Ana içeriğe atla

Eski Uygarlıkların İnsanları
























Pasolini'nin Pound'la buluştuğu bir nokta var: kapitalist sömürünün karşısına eski uygarlıkların çiğ âdetlerini koymak ve mazlumla bizi en temel zeminde, yani insan unsurunda buluşturmak. Bu anlamda Pasolini'nin, Rumen kaluşarilerinden [Medea] Nijerya yerlilerine [Bir Afrika Orestes'i İçin Notlar] ya da Sana ahalisine [Sana'nın Duvarları] kadar çeşitli antik kültürleri taraması, sömürüye dayalı yeni düzenin iktidarlaşma önceliğini alaşağı etmeye çalışmasından başka bir şey de değil.
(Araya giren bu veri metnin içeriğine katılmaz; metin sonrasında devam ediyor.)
(* Let $P$ be a set of $n$ points in general position in the plane such that the number $m$ of points of $P$ on the boundary of the convex hull of $P$ satisfies $m\in\{8,9\}$. Then $\mu(D(P))\geq\binom{n}{2}-8$.
   Context: General position means no three points collinear. $D(P)$ is the graph whose vertices are all closed segments with both endpoints in $P$, two adjacent iff disjoint. For a graph $G$ and $U\subseteq V(G)$, two distinct vertices $x,y\in U$ are $U$-mutually visible if $G$ contains a shortest $x$-$y$ path none of whose internal vertices lies in $U$; $U$ is a mutual-visibility set if every two distinct vertices of $U$ are $U$-mutually visible. $\mu(G)$ is the maximum size of a mutual-visibility set of $G$. *)

From HB Require Import structures.
From mathcomp Require Import all_boot all_order all_algebra.
From mathcomp Require Import all_classical all_reals topology normedtype.
Set Implicit Arguments. Unset Strict Implicit. Unset Printing Implicit Defensive.
Import Order.TTheory GRing.Theory Num.Theory.
Import numFieldNormedType.Exports.
Local Open Scope ring_scope.
Local Open Scope classical_set_scope.

Section Graph.
Variables (T : finType) (adj : rel T).

(* x :: s is a walk from x to y; its length is size s *)
Definition is_walk (x : T) (s : seq T) (y : T) : bool :=
  path adj x s && (last x s == y).

Definition shortest_walk (x : T) (s : seq T) (y : T) : Prop :=
  is_walk x s y /\ forall s' : seq T, is_walk x s' y -> (size s <= size s')%N.

(* internal vertices of the walk x :: s (all but the two endpoints) *)
Definition internal (x : T) (s : seq T) : seq T := behead (belast x s).

Definition mutually_visible (U : {set T}) (x y : T) : Prop :=
  exists s : seq T, shortest_walk x s y /\ all (fun z => z \notin U) (internal x s).

Definition mv_set (U : {set T}) : Prop :=
  forall x y, x \in U -> y \in U -> x != y -> mutually_visible U x y.

Definition mu : nat := \max_(U : {set T} | `[< mv_set U >]) #|U|.
End Graph.

Section Geometry.
Variable R : realType.
Definition pt := (R * R)%type.

Definition orient (a b c : pt) : R :=
  (b.1 - a.1) * (c.2 - a.2) - (b.2 - a.2) * (c.1 - a.1).

Definition collinear (a b c : pt) : Prop := orient a b c = 0.

Definition segment (a b : pt) : set pt :=
  [set q | exists2 t : R, 0 <= t <= 1 &
     q = ((1 - t) * a.1 + t * b.1, (1 - t) * a.2 + t * b.2)].

Variable n : nat.
Variable p : 'I_n -> pt.

Definition general_position : Prop :=
  forall i j k : 'I_n, i != j -> j != k -> i != k -> ~ collinear (p i) (p j) (p k).

Definition conv_hull : set pt :=
  [set q | exists w : 'I_n -> R, (forall i, 0 <= w i) /\ \sum_i w i = 1 /\
     q = (\sum_i w i * (p i).1, \sum_i w i * (p i).2)].

Definition hull_boundary : set pt :=
  @closure (R * R)%type conv_hull `\` @interior (R * R)%type conv_hull.

Definition num_boundary_points : nat :=
  #|[set i : 'I_n | `[< hull_boundary (p i) >]]|.

(* vertices of D(P): closed segments with two (distinct) endpoints in P,
   represented by 2-element sets of indices *)
Definition seg_vertex := {S : {set 'I_n} | #|S| == 2%N}.

Definition seg_of (S : seg_vertex) : set pt :=
  [set q | exists i j : 'I_n, [/\ i \in val S, j \in val S, i != j &
                                   segment (p i) (p j) q]].

Definition D_adj : rel seg_vertex :=
  fun S T => `[< seg_of S `&` seg_of T = set0 >].
End Geometry.

From HB Require Import structures.
From mathcomp Require Import all_boot all_order all_algebra.
From mathcomp Require Import all_classical all_reals topology normedtype.
From mathcomp Require Import ring lra zify.
Set Implicit Arguments. Unset Strict Implicit. Unset Printing Implicit Defensive.
Import Order.TTheory GRing.Theory Num.Theory.
Import numFieldNormedType.Exports.
Local Open Scope ring_scope.

(* Points of P on the boundary of conv P are extreme: none lies strictly
   inside a triangle of P.  Call ij a hull edge if all other points lie
   strictly to its left.  Following hull edges from an extreme point visits
   every extreme point, so there are hull vertices x0, ..., x7 in
   counterclockwise order with each x(2k) x(2k+1) a hull edge.  Let W consist
   of the four hull edges x0x1, x2x3, x4x5, x6x7 and the four segments joining
   {x0, x1} to {x4, x5}.  Two intersecting segments S, T outside W have a
   common neighbour in W: a hull edge avoiding the endpoints of S and T is
   disjoint from both; otherwise S and T together contain one endpoint of each
   of the four hull edges, and then either S or T joins {x0, x1} to {x4, x5},
   or S and T do not cross.  Hence the C(n,2) - 8 segments outside W form a
   mutual-visibility set. *)

Section MutualVisibility.
Variables (T : finType) (adj : rel T).

Lemma mv_set_of_common_neighbours (U : {set T}) :
  (forall x y, x \in U -> y \in U -> x != y -> ~~ adj x y ->
     exists2 w, w \notin U & adj x w && adj w y) ->
  mv_set adj U.
Proof.
move=> common x y xU yU xy; case: (boolP (adj x y)) => [xy_adj | xy_nadj].
  exists [:: y]; split=> //; split; first by rewrite /is_walk /= xy_adj eqxx.
  by case=> [|z s] //; rewrite /is_walk /= => /eqP yx; rewrite yx eqxx in xy.
have [w wU /andP[xw wy]] := common x y xU yU xy xy_nadj.
exists [:: w; y]; split; last by rewrite /internal /= wU.
split; first by rewrite /is_walk /= xw wy eqxx.
case=> [|z [|z' s]] //; rewrite /is_walk /=.
  by move=> /eqP yx; rewrite yx eqxx in xy.
by rewrite andbT => /andP[xz /eqP zy]; rewrite -zy xz in xy_nadj.
Qed.

Lemma mv_set_card_le_mu (U : {set T}) : mv_set adj U -> (#|U| <= mu adj)%N.
Proof. by move=> mvU; apply: leq_bigmax_cond; apply/asboolP. Qed.

End MutualVisibility.

Lemma sum_delta (R : pzSemiRingType) (T : finType) (i : T) (F : T -> R) :
  \sum_k (k == i)%:R * F k = F i.
Proof.
rewrite (bigD1 i) //= eqxx mul1r big1 ?addr0 // => k /negbTE ->.
by rewrite mul0r.
Qed.

Section Orientation.
Variable R : realType.
Implicit Types a b c d q : pt R.

Lemma orient_rot a b c : orient a b c = orient b c a.
Proof. by rewrite /orient; ring. Qed.

Lemma orient_swap a b c : orient a c b = - orient a b c.
Proof. by rewrite /orient; ring. Qed.

Lemma orient_aab a b : orient a a b = 0.
Proof. by rewrite /orient; ring. Qed.

Lemma orient_aba a b : orient a b a = 0.
Proof. by rewrite /orient; ring. Qed.

Lemma orient_abb a b : orient a b b = 0.
Proof. by rewrite /orient; ring. Qed.

Lemma orient_cramer a b c q f g :
  orient b c q * orient f g a + orient c a q * orient f g b + orient a b q * orient f g c
  = orient a b c * orient f g q.
Proof. by rewrite /orient; ring. Qed.

Lemma orient_segment a b c d t :
  orient a b ((1 - t) * c.1 + t * d.1, (1 - t) * c.2 + t * d.2)
  = (1 - t) * orient a b c + t * orient a b d.
Proof. by rewrite /orient /=; ring. Qed.

Lemma segment_sym a b q : segment a b q -> segment b a q.
Proof.
move=> [t /andP[t0 t1] ->]; exists (1 - t); first by apply/andP; split; lra.
by congr (_, _); ring.
Qed.

Lemma segments_disjoint_of_same_side a b c d q :
  0 < orient a b c -> 0 < orient a b d -> segment a b q -> segment c d q -> False.
Proof.
move=> ac ad [t _ ->] [s /andP[s0 s1] e].
have : 0 < (1 - s) * orient a b c + s * orient a b d by nra.
by rewrite -orient_segment -e orient_segment orient_aba orient_abb !mulr0 addr0 ltxx.
Qed.

Lemma continuous_orient a b : continuous (orient a b).
Proof.
move=> q; apply: cvgB; apply: cvgM; try exact: cvg_cst.
- by apply: cvgB; [exact: cvg_snd | exact: cvg_cst].
- by apply: cvgB; [exact: cvg_fst | exact: cvg_cst].
Qed.

Lemma open_orient_gt0 a b : open [set q | 0 < orient a b q]%classic.
Proof.
apply: (@open_comp _ _ (orient a b) [set x | x > 0]%classic); last exact: open_gt.
by move=> q _; exact: continuous_orient.
Qed.

End Orientation.

Section ExtremePoints.
Variables (R : realType) (n : nat) (p : 'I_n -> pt R).
Local Notation o i j k := (orient (p i) (p j) (p k)).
Sessiz çoğunluğu anlamak, en üste konumlanmış hegemonik gücü kabullenmek değildir; bu iktidarlaşma isteğini sömürülenin âdetleri ve alışkanlıklarıyla insanileştirmek, adeta yeniden kurmaktır. Pasolini, hızla sanayileşen İtalya'nın kültürünü müzelerde ya da tarih kitaplarında aramıyor. Roma İmparatorluğundan bu yana süregelen âdetlerin, tabirlerin ya da yaşayışların ancak fakirin, toplumun kıyısına itilmişin çehresinden okunabileceği düşüncesinde, çünkü her zaman geleceğe doğru uzanan bir gelişme hırsının ötesinde, insanı kendi âdetlerine çeken masumane bir geçmiş hissinin bulunduğuna da inanıyor. Pasolini'nin sosyalist okuması, bizi modern uygarlığın tarihin dışına ittiği bütün toplulukların mirasının, sokaktaki fakirde yer aldığı düşüncesine götürüyor diyebiliriz: bu nedenle, Pasolini'nin, burjuvanın tüm seçiciliğine karşı cehaleti, pahalı zevklerin yerine de hayvani iç güdüyü, yani en temel ihtiyaçları dahilinde insanı konumlandırdığını görüyoruz. Ahlâk ya da sosyal statü ardına gizlenmeden, insanın kendi ihtiyaçlarını (cinselliğini, hayat gayesini vb.) en cesur ve hayvani haliyle ifadesi ve bu duyguları hissetmekten hiçbir zaman gocunmaması.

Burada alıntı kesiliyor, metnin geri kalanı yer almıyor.